JSON.parse could be implemented by simply feeding all the tokens to ObjectBuilder.
JSON.parse = function (source)
{
let parser = new JSONPullParser(source);
let builder = new JSONPullParser.ObjectBuilder();
for (let token of parser) builder.handle(token);
return builder.value;
}
let parser = new JSONPullParser(json);
for (let token of parser) {
switch (token.type) {
case JSONPullParser.StartObject:
break;
case JSONPullParser.EndObject:
break;
case JSONPullParser.StartArray:
break;
case JSONPullParser.EndArray:
break;
case JSONPullParser.String:
break;
case JSONPullParser.Number:
break;
case JSONPullParser.TrueLiteral:
break;
case JSONPullParser.FalseLiteral:
break;
case JSONPullParser.NullLiteral:
break;
case JSONPullParser.Error:
break;
}
}
JSONPullParser tries to conform to ECMA 404.
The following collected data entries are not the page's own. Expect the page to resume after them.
(* Persistence equivalence and graph equivalence of discrete Morse functions on graphs are independent: there exist a finite tree $T$ with $n$ simplices and discrete Morse functions on $T$ that are graph equivalent but not persistence equivalent, and discrete Morse functions on $T$ that are persistence equivalent but not graph equivalent.
   Context: For a finite simple graph $G$, its simplices are its vertices and edges; write $v<e$ if vertex $v$ is an endpoint of edge $e$; $n$ is the total number of simplices. A discrete Morse function is a function $f$ from the simplices to $[0,n]$ such that: (i) $v<e$ implies $f(v)\le f(e)$; (ii) $\min f=0$; (iii) every value is attained by at most two simplices, and if $f(\sigma)=f(\tau)$ with $\sigma\neq\tau$ then one is an endpoint of the other; (iv) if a value $f(\sigma)$ is attained only by $\sigma$, then $f(\sigma)\in\mathbb{N}$; such $\sigma$ is critical and $f(\sigma)$ a critical value. With critical values $c_0<\dots<c_{m-1}$, the level subcomplexes $G_{c_i}=\{\sigma:f(\sigma)\le c_i\}$ form a filtration whose persistent homology (over a field) gives the persistence diagram $D_f$; $f,g$ are persistence equivalent if $D_f=D_g$. If $f,g$ have critical values $a_0<\dots<a_{m-1}$ and $c_0<\dots<c_{m-1}$ respectively (same number $m$), they are graph equivalent if $G_{a_i}\cong G_{c_i}$ as graphs for every $0\le i\le m-1$ (level subcomplexes taken for $f$ and $g$ respectively). *)

From HB Require Import structures.
From mathcomp Require Import all_boot all_order all_algebra.
Set Implicit Arguments. Unset Strict Implicit. Unset Printing Implicit Defensive.
Import Order.TTheory GRing.Theory Num.Theory.
Local Open Scope ring_scope.

(* Simplices are encoded in V + {set V}:
   inl v is the vertex v, inr A is the edge A (when is_edge e A). *)

Section Graphs.
Variables (V : finType) (e : rel V).

Definition simple_graph : Prop := irreflexive e /\ symmetric e.

Definition is_edge (A : {set V}) : bool :=
  [exists x, exists y, e x y && (A == [set x; y])].

Definition edges : {set {set V}} := [set A | is_edge A].

Definition is_simplex (s : V + {set V}) : bool :=
  match s with inl _ => true | inr A => is_edge A end.

Definition face (s t : V + {set V}) : bool :=
  match s, t with inl v, inr A => v \in A | _, _ => false end.

Definition n_simplices : nat := (#|V| + #|edges|)%N.

Definition connected_graph : Prop := forall x y, connect e x y.

Definition acyclic_graph : Prop :=
  forall s : seq V, (3 <= size s)%N -> ~~ (cycle e s && uniq s).

Definition is_tree : Prop :=
  [/\ simple_graph, (0 < #|V|)%N, connected_graph & acyclic_graph].

Variable R : realFieldType.
Implicit Types f g : V + {set V} -> R.

Definition critical f (s : V + {set V}) : bool :=
  is_simplex s && [forall t, (is_simplex t && (f t == f s)) ==> (t == s)].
JSON‐Schema‐Test‐Suite and JSON_checker are both used to validate the parser as well as comparing the output from JSON.parse with JSONPullParser.parse on a number of real life testcases.
JSONPullParser currently delegates string and number parsing is delegated to JSON.parse.
JSONPullParser will obviously be slower than using native JSON.parse. However it is mainly intended to be used when a constant frame rate or not freezing the user interface is more important than performance.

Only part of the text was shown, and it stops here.